Conoscere profondamente il mondo

O.O. 129 – Meraviglie del creato – 27.08.1911


 

Nel corso delle nostre conferenze abbiamo indicato come gli uomini nei tempi più diversi formarono pensieri su quanto realmente vi è nelle entità e negli eventi del mondo. Formandosi così certe rappresentazioni e concetti, appropriandosi di certe sensazioni e sentimenti sugli eventi e sulle entità del mondo, l’uomo giunge a qualcosa che gli dà soddisfazione e di cui deve dirsi che gli crea un nesso necessario con le cose, sia che gli dia una spiegazione per i segreti del mondo, sia che gliene risulti in qualche altro modo una soddisfazione.

 

L’uomo mostra così di non porsi di fronte al mondo semplicemente come egli è, ma di voler aspirare, oltre a quel che appare ai suoi sensi ma anche alla sua conoscenza chiaroveggente, a un sapere relativo alle realtà profonde e in un primo tempo nascoste, per poter stare nella giusta armonia con il mondo. Mostra così di aspirare soprattutto a una spiegazione del mondo che gli presenta enigmi, e che il suo rapporto con esso non è concluso con il modo in cui da principio egli deve stargli di fronte.

 

In tempi antichi lo si espresse considerando il sentimento che si prova proprio di fronte ai più appariscenti fatti ed entità del divenire del mondo. Si disse che di fronte a tali realtà si prova in primo luogo il sentimento della meraviglia da cui scaturisce ogni filosofia, tutto ciò cui si tende come a una spiegazione del mondo.

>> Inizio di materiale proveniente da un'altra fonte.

(* The cycle-free fragments of G3s + $(\Box\mathrm{Cut})$, G3s + (Cut) and G3s are identical: a sequent has a prehistoric-cycle-free proof in one of these three systems if and only if it has one in each of the others.
   Context: S4 formulas: $A ::= \bot \mid P \mid A_0\to A_1 \mid \Box A$ ($P$ atomic). Sequents $\Gamma\supset\Delta$ use finite multisets; $\Box\Gamma:=\{\Box C\mid C\in\Gamma\}$. G3s rules: (Ax) $P,\Gamma\supset\Delta,P$ ($P$ atomic); $(\bot\supset)$ $\bot,\Gamma\supset\Delta$; $(\to\supset)$ from $\Gamma\supset\Delta,A$ and $B,\Gamma\supset\Delta$ infer $A\to B,\Gamma\supset\Delta$; $(\supset\to)$ from $A,\Gamma\supset\Delta,B$ infer $\Gamma\supset\Delta,A\to B$; $(\Box\supset)$ from $A,\Box A,\Gamma\supset\Delta$ infer $\Box A,\Gamma\supset\Delta$; $(\supset\Box)$ from $\Box\Gamma\supset A$ infer $\Gamma',\Box\Gamma\supset\Delta',\Box A$. (Cut): from $\Gamma\supset\Delta,A$ and $A,\Gamma\supset\Delta$ infer $\Gamma\supset\Delta$. $(\Box\mathrm{Cut})$: from $\Gamma\supset\Delta,\Box A,\Box B$ and $\Gamma\supset\Delta,\Box(A\to B),\Box B$ infer $\Gamma\supset\Delta,\Box B$. The system G3s + $(\Box\mathrm{Cut})$ is G3s with the rule $(\Box\mathrm{Cut})$ added; G3s + (Cut) is G3s with (Cut) added. In a rule instance, formulas of $\Gamma,\Delta,\Box\Gamma$ repeated in premise(s) and conclusion are side formulas; $\Gamma',\Delta'$ (and $\Gamma,\Delta$ in axioms) are weakening formulas; the distinguished new formula of the conclusion is principal and the distinguished formulas of the premises are active. Correspondence of symbol occurrences: a symbol occurrence in a side formula of a premise directly corresponds to the same occurrence in the conclusion; an active formula of a premise directly corresponds to the topmost occurrence of that formula as a subformula of the principal formula, with its symbol occurrences corresponding accordingly; in (Cut) the two active occurrences of the cut formula (and their symbols) correspond; in $(\Box\mathrm{Cut})$ the outermost $\Box$'s of $\Box A$, $\Box(A\to B)$ and all occurrences of $\Box B$ correspond, the two occurrences of the subformula $A$ correspond symbolwise, and the occurrences of the subformula $B$ correspond symbolwise. Correspondence is the reflexive, symmetric, transitive closure; a family is an equivalence class of $\Box$-occurrences. $i\prec j$ (prehistoric relation) if some $(\supset\Box)$ rule whose principal $\Box A$ has its outermost $\Box$ in family $j$ has a premise containing a $\Box$-occurrence of family $i$. A prehistoric cycle is $i_0\prec\cdots\prec i_{n-1}\prec i_0$ ($n\ge1$); a proof is prehistoric-cycle-free if it has none. The cycle-free fragment of a system is the set of sequents having a prehistoric-cycle-free proof in that system. (For cut-free G3s proofs, restricting $\prec$ to families introduced by $(\supset\Box)$ rules yields the same cycles, since other families have no prehistoric predecessors.) *)

From Stdlib Require Import List Permutation Relations.
Import ListNotations.

Inductive form : Type :=
| Bot : form
| Var : nat -> form
| Imp : form -> form -> form
| Box : form -> form.

(** Formulas in which every Box occurrence carries a label (the name of
    its family).  Correspondence of Box-occurrences in a
    rule instance is enforced by requiring corresponding occurrences to
    carry the same label. *)
Inductive aform : Type :=
| ABot : aform
| AVar : nat -> aform
| AImp : aform -> aform -> aform
| ABox : nat -> aform -> aform.

Fixpoint erase (a : aform) : form :=
  match a with
  | ABot => Bot
  | AVar p => Var p
  | AImp a b => Imp (erase a) (erase b)
  | ABox _ a => Box (erase a)
  end.

Fixpoint labels (a : aform) : list nat :=
  match a with
  | ABot | AVar _ => []
  | AImp a b => labels a ++ labels b
  | ABox l a => l :: labels a
  end.

Definition labels_list (G : list aform) : list nat := flat_map labels G.

Definition isABox (a : aform) : Prop := exists l c, a = ABox l c.

Inductive sys : Type := G3s | G3s_Cut | G3s_BoxCut.

(** Sequents are
    multisets, represented by lists up to permutation (constructor
    [d_perm], which is the identity on the multiset sequent and on all
    symbol occurrences). *)
Inductive deriv (s : sys) : list aform -> list aform -> Type :=
| d_perm : forall G D G' D',
    deriv s G D -> Permutation G G' -> Permutation D D' -> deriv s G' D'
| d_ax : forall (p : nat) G D,
    deriv s (AVar p :: G) (AVar p :: D)
| d_bot : forall G D,
    deriv s (ABot :: G) D
| d_impL : forall A B G D,
    deriv s G (A :: D) -> deriv s (B :: G) D -> deriv s (AImp A B :: G) D
| d_impR : forall A B G D,
    deriv s (A :: G) (B :: D) -> deriv s G (AImp A B :: D)
| d_boxL : forall l A G D,
    deriv s (A :: ABox l A :: G) D -> deriv s (ABox l A :: G) D
| d_boxR : forall (j : nat) (A : aform) (G0 Gw Dw : list aform),
    Forall isABox G0 ->
    deriv s G0 [A] -> deriv s (Gw ++ G0) (ABox j A :: Dw)
| d_cut : s = G3s_Cut -> forall A G D,
    deriv s G (A :: D) -> deriv s (A :: G) D -> deriv s G D
| d_boxcut : s = G3s_BoxCut -> forall l A B G D,
    deriv s G (ABox l A :: ABox l B :: D) ->
    deriv s G (ABox l (AImp A B) :: ABox l B :: D) ->
    deriv s G (ABox l B :: D).

Fixpoint prehist {s G D} (d : deriv s G D) : nat -> nat -> Prop :=
  match d with
  | d_perm _ _ _ _ _ d1 _ _ => prehist d1
  | d_ax _ _ _ _ => fun _ _ => False
  | d_bot _ _ _ => fun _ _ => False
  | d_impL _ _ _ _ _ d1 d2 => fun i j => prehist d1 i j \/ prehist d2 i j
  | d_impR _ _ _ _ _ d1 => prehist d1
  | d_boxL _ _ _ _ _ d1 => prehist d1
  | d_boxR _ j0 A G0 _ _ _ d1 => fun i j =>
      (j = j0 /\ In i (labels_list G0 ++ labels A)) \/ prehist d1 i j
  | d_cut _ _ _ _ _ d1 d2 => fun i j => prehist d1 i j \/ prehist d2 i j
  | d_boxcut _ _ _ _ _ _ _ d1 d2 => fun i j => prehist d1 i j \/ prehist d2 i j
  end.

Definition cycle_free {s G D} (d : deriv s G D) : Prop :=
  forall i, ~ clos_trans nat (prehist d) i i.

Definition cf_provable (s : sys) (Gamma Delta : list form) : Prop :=
  exists (G D : list aform) (d : deriv s G D),
    map erase G = Gamma /\ map erase D = Delta /\ cycle_free d.

From Stdlib Require Import List Permutation Relations Wf_nat Lia.
Import ListNotations.

(* The proof abstracts from the particular prehistoric relation.  Fix any
   relation R on labels and consider the cut-free, set-based calculus
   [rproof R] ("R-proofs"): G3s read with sets instead of multisets, in
   which every (⊃Box) step introducing a box labelled j must have all labels
   of its premise R-below j.  For transitive R we show:
   - (⊃→) and (→⊃) are height-preserving invertible for R-proofs;
   - (Cut) is admissible, by induction on the cut formula and on the left
     premise; transitivity of R is used exactly when a (⊃Box) step is
     pushed through a cut on a box formula;
   - (BoxCut) is admissible, using invertibility of (⊃→) and (Cut).
   Hence any proof d in any of the three systems yields an R-proof for
   R := clos_trans (prehist d), and every R-proof is read back as a proof in
   any of the three systems whose prehistoric relation is contained in R.
   A prehistoric cycle of the new proof is then one of d. *)

Definition aform_eq_dec : forall a b : aform, {a = b} + {a <> b}.
Proof. decide equality; apply PeanoNat.Nat.eq_dec. Defined.

Ltac incl_tac :=
  let x := fresh "x" in let Hx := fresh "Hx" in
  intros x Hx;
  repeat match goal with
         | H : ?T |- _ =>
             lazymatch T with
             | incl _ _ => fail
             | In _ _ => fail
             | _ => clear H
             end
         end;
  unfold incl in *; simpl in *; repeat rewrite in_app_iff in *;
  firstorder (subst; auto).

Lemma labels_list_incl G G' : incl G G' -> incl (labels_list G) (labels_list G').
Proof.
  intros HG i Hi. unfold labels_list in *.
  apply in_flat_map in Hi as [x [Hx Hi]]. apply in_flat_map. eauto.
Qed.

Lemma labels_list_app G G' : labels_list (G ++ G') = labels_list G ++ labels_list G'.
Proof. apply flat_map_app. Qed.

Lemma box_context_no_imp H A B : Forall isABox H -> ~ In (AImp A B) H.
Proof.
  intros HF Hin. rewrite Forall_forall in HF.
  destruct (HF _ Hin) as [? [? E]]; discriminate.
Qed.

Lemma incl_cons_drop (a : aform) H G : incl H (a :: G) -> ~ In a H -> incl H G.
Proof. intros HG Ha x Hx. destruct (HG _ Hx) as [->|]; tauto. Qed.

Lemma incl_remove (a : aform) H : incl (remove aform_eq_dec a H) H.
Proof. intros x Hx. apply in_remove in Hx. tauto. Qed.

Lemma perm_of_in (x : aform) L : In x L -> exists L', Permutation L (x :: L').
Proof.
  intros H. apply in_split in H as [l1 [l2 ->]].
  exists (l1 ++ l2). apply Permutation_sym, Permutation_middle.
Qed.

Lemma split_context (H G : list aform) :
  incl H G -> exists G0 Gw, Permutation G (Gw ++ G0) /\ incl H G0 /\ incl G0 H.
Proof.
  intros HG. set (f := fun x => if in_dec aform_eq_dec x H then true else false).
  exists (filter f G), (filter (fun x => negb (f x)) G). repeat split.
  - clear HG. induction G as [|a G IH]; simpl; auto.
    destruct (f a); simpl; auto.
    eapply Permutation_trans; [apply perm_skip, IH|]. apply Permutation_middle.
  - intros x Hx. apply filter_In. split; auto.
    unfold f. destruct (in_dec aform_eq_dec x H); tauto.
  - intros x Hx. apply filter_In in Hx as [_ Hx].
    unfold f in Hx. destruct (in_dec aform_eq_dec x H); [auto | discriminate].
Qed.

Lemma deriv_initial s G D : (exists p, In (AVar p) G /\ In (AVar p) D) \/ In ABot G ->
  exists d : deriv s G D, forall i j, ~ prehist d i j.
Proof.
  intros [[p [HpG HpD]] | HbotG].
  - destruct (perm_of_in _ _ HpG) as [G1 PG]. destruct (perm_of_in _ _ HpD) as [D1 PD].
    exists (d_perm s _ _ _ _ (d_ax s p G1 D1) (Permutation_sym PG) (Permutation_sym PD)).
    simpl; tauto.
  - destruct (perm_of_in _ _ HbotG) as [G1 PG].
    exists (d_perm s _ _ _ _ (d_bot s G1 D) (Permutation_sym PG) (Permutation_refl _)).
    simpl; tauto.
Qed.

Lemma clos_trans_least (P Q : nat -> nat -> Prop) :
  (forall a b c, Q a b -> Q b c -> Q a c) -> (forall a b, P a b -> Q a b) ->
  forall a b, clos_trans nat P a b -> Q a b.
Proof. intros Htr HPQ a b Hab. induction Hab; eauto. Qed.

Fixpoint fsize (a : aform) : nat :=
  match a with
  | ABot | AVar _ => 1
  | AImp a b => S (fsize a + fsize b)
  | ABox _ a => S (fsize a)
  end.

Section RespectingProofs.

Variable R : nat -> nat -> Prop.

(* [rproof n G D]: the sequent G ⊃ D, with antecedent and succedent read as
   sets, has a cut-free proof of height at most n whose (⊃Box) steps respect
   R.  Principal formulas are only required to be members of the conclusion
   and remain available in the premises; the box context H of (⊃Box) may be
   any subset of boxed formulas of G. *)
Inductive rproof : nat -> list aform -> list aform -> Prop :=
| rp_ax n p G D : In (AVar p) G -> In (AVar p) D -> rproof n G D
| rp_bot n G D : In ABot G -> rproof n G D
| rp_impL n A B G D : In (AImp A B) G ->
    rproof n G (A :: D) -> rproof n (B :: G) D -> rproof (S n) G D
| rp_impR n A B G D : In (AImp A B) D ->
    rproof n (A :: G) (B :: D) -> rproof (S n) G D
| rp_boxL n l A G D : In (ABox l A) G -> rproof n (A :: G) D -> rproof (S n) G D
| rp_boxR n j A H G D : In (ABox j A) D -> Forall isABox H -> incl H G ->
    (forall i, In i (labels_list H ++ labels A) -> R i j) ->
    rproof n H [A] -> rproof (S n) G D.

Definition rprovable (G D : list aform) : Prop := exists n, rproof n G D.

Lemma rproof_weaken n G D :
  rproof n G D -> forall G' D', incl G G' -> incl D D' -> rproof n G' D'.
Proof.
  induction 1; intros G' D' HG HD.
  - eapply rp_ax; eauto.
  - eapply rp_bot; eauto.
  - eapply rp_impL; [eauto | apply IHrproof1 | apply IHrproof2]; incl_tac.
  - eapply rp_impR; [eauto | apply IHrproof]; incl_tac.
  - eapply rp_boxL; [eauto | apply IHrproof]; incl_tac.
  - eapply rp_boxR; eauto. incl_tac.
Qed.

Lemma rproof_succ n G D : rproof n G D -> rproof (S n) G D.
Proof.
  induction 1; [eapply rp_ax | eapply rp_bot | eapply rp_impL | eapply rp_impR
    | eapply rp_boxL | eapply rp_boxR]; eauto.
Qed.

Lemma rproof_le n m G D : n <= m -> rproof n G D -> rproof m G D.
Proof. induction 1; auto using rproof_succ. Qed.

Lemma rprovable_weaken G D G' D' :
  rprovable G D -> incl G G' -> incl D D' -> rprovable G' D'.
Proof. intros [n H] HG HD. exists n. eapply rproof_weaken; eauto. Qed.

Lemma rprovable_ax p G D : In (AVar p) G -> In (AVar p) D -> rprovable G D.
Proof. exists 0. eapply rp_ax; eauto. Qed.

Lemma rprovable_bot G D : In ABot G -> rprovable G D.
Proof. exists 0. eapply rp_bot; eauto. Qed.

Lemma rprovable_impL A B G D : In (AImp A B) G ->
  rprovable G (A :: D) -> rprovable (B :: G) D -> rprovable G D.
Proof.
  intros H [n1 H1] [n2 H2]. exists (S (max n1 n2)).
  eapply rp_impL; [exact H | apply (rproof_le n1) | apply (rproof_le n2)];
    auto; lia.
Qed.

Lemma rprovable_impR A B G D : In (AImp A B) D ->
  rprovable (A :: G) (B :: D) -> rprovable G D.
Proof. intros H [n H1]. exists (S n). eapply rp_impR; eauto. Qed.

Lemma rprovable_boxL l A G D : In (ABox l A) G -> rprovable (A :: G) D -> rprovable G D.
Proof. intros H [n H1]. exists (S n). eapply rp_boxL; eauto. Qed.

Partendo dalle esperienze che ciascuno può fare, è però permesso dire che l’anima umana, dal sentimento della meraviglia, tende a qualcosa che attutisce e allontana proprio questo sentimento. L’anima non può rimanere ferma alla meraviglia, altrimenti il mondo intero consisterebbe per lei solo di prodigi.

 

Davanti alle meraviglie del creato non può rimanere ferma ad essa, deve per così dire allontanare quelli che appaiono prodigi trovando in se stessa una specie di spiegazione, una risposta agli enigmi e alle meraviglie dei fenomeni e delle entità del mondo.

 

Abbiamo visto per esempio come l’antica anima greca abbia smorzato in modi diversi la meraviglia, intuendo la spiegazione del mondo che era presente per un’antica coscienza chiaroveggente ed esprimendola nelle figure dei suoi dèi. Non appena il Greco fu cosciente che nei fatti cosmici, nelle realtà del mondo agiscono esseri spirituali che vengono rappresentati nelle forme e nelle entità della mitologia, subito il suo sentimento di meraviglia si trasformò in una specie di armonia tra la propria anima e le meraviglie del creato. Nel mondo odierno, materialistico rispetto a quello greco, si pensa in modo diverso. Si è infatti avversi a dare una risposta agli enigmi del mondo con figure di immagine quando si stimi necessario smorzare il sentimento, la meraviglia. Il nostro tempo riterrebbe una risposta fantasiosa dare una simile spiegazione alle cose del mondo. Si aspira a rispondere agli enigmi del mondo in modo conforme alla ragione, in un modo che si possa definire scientifico. Tuttavia dalle sensazioni più svariate che si poterono suscitare nel corso di queste ed altre conferenze, si può dedurre che il modo oggi consueto, quello razionale, asciutto, scarno e scientifico è solo una fase, un’epoca, negli sforzi di mitigare la meraviglia verso i prodigi del creato.

 

Se dal suo modo, che dice scientifico, l’uomo odierno guarda alla forma greca di spiegazione del mondo, la chiama infantile e ha la sensazione che sia scaturita solo dalla fantasia e nulla abbia a che fare con le realtà; se poi crede di aver trovato oggi quel che resterà scientifico per tutti i tempi, gli si deve rispondere che è molto miope. Proprio come l’evoluzione dell’umanità è progredita oltre la spiegazione greca, e nel nostro tempo ha l’esigenza di un’adeguata spiegazione scarna e intellettuale, così si supererà tale forma intellettualistica e materialistica, e se fino ad allora non si sarà più intelligenti di quello che oggi è la scienza, se ne penserà in futuro quello che pensiamo a proposito dell’antichità greca.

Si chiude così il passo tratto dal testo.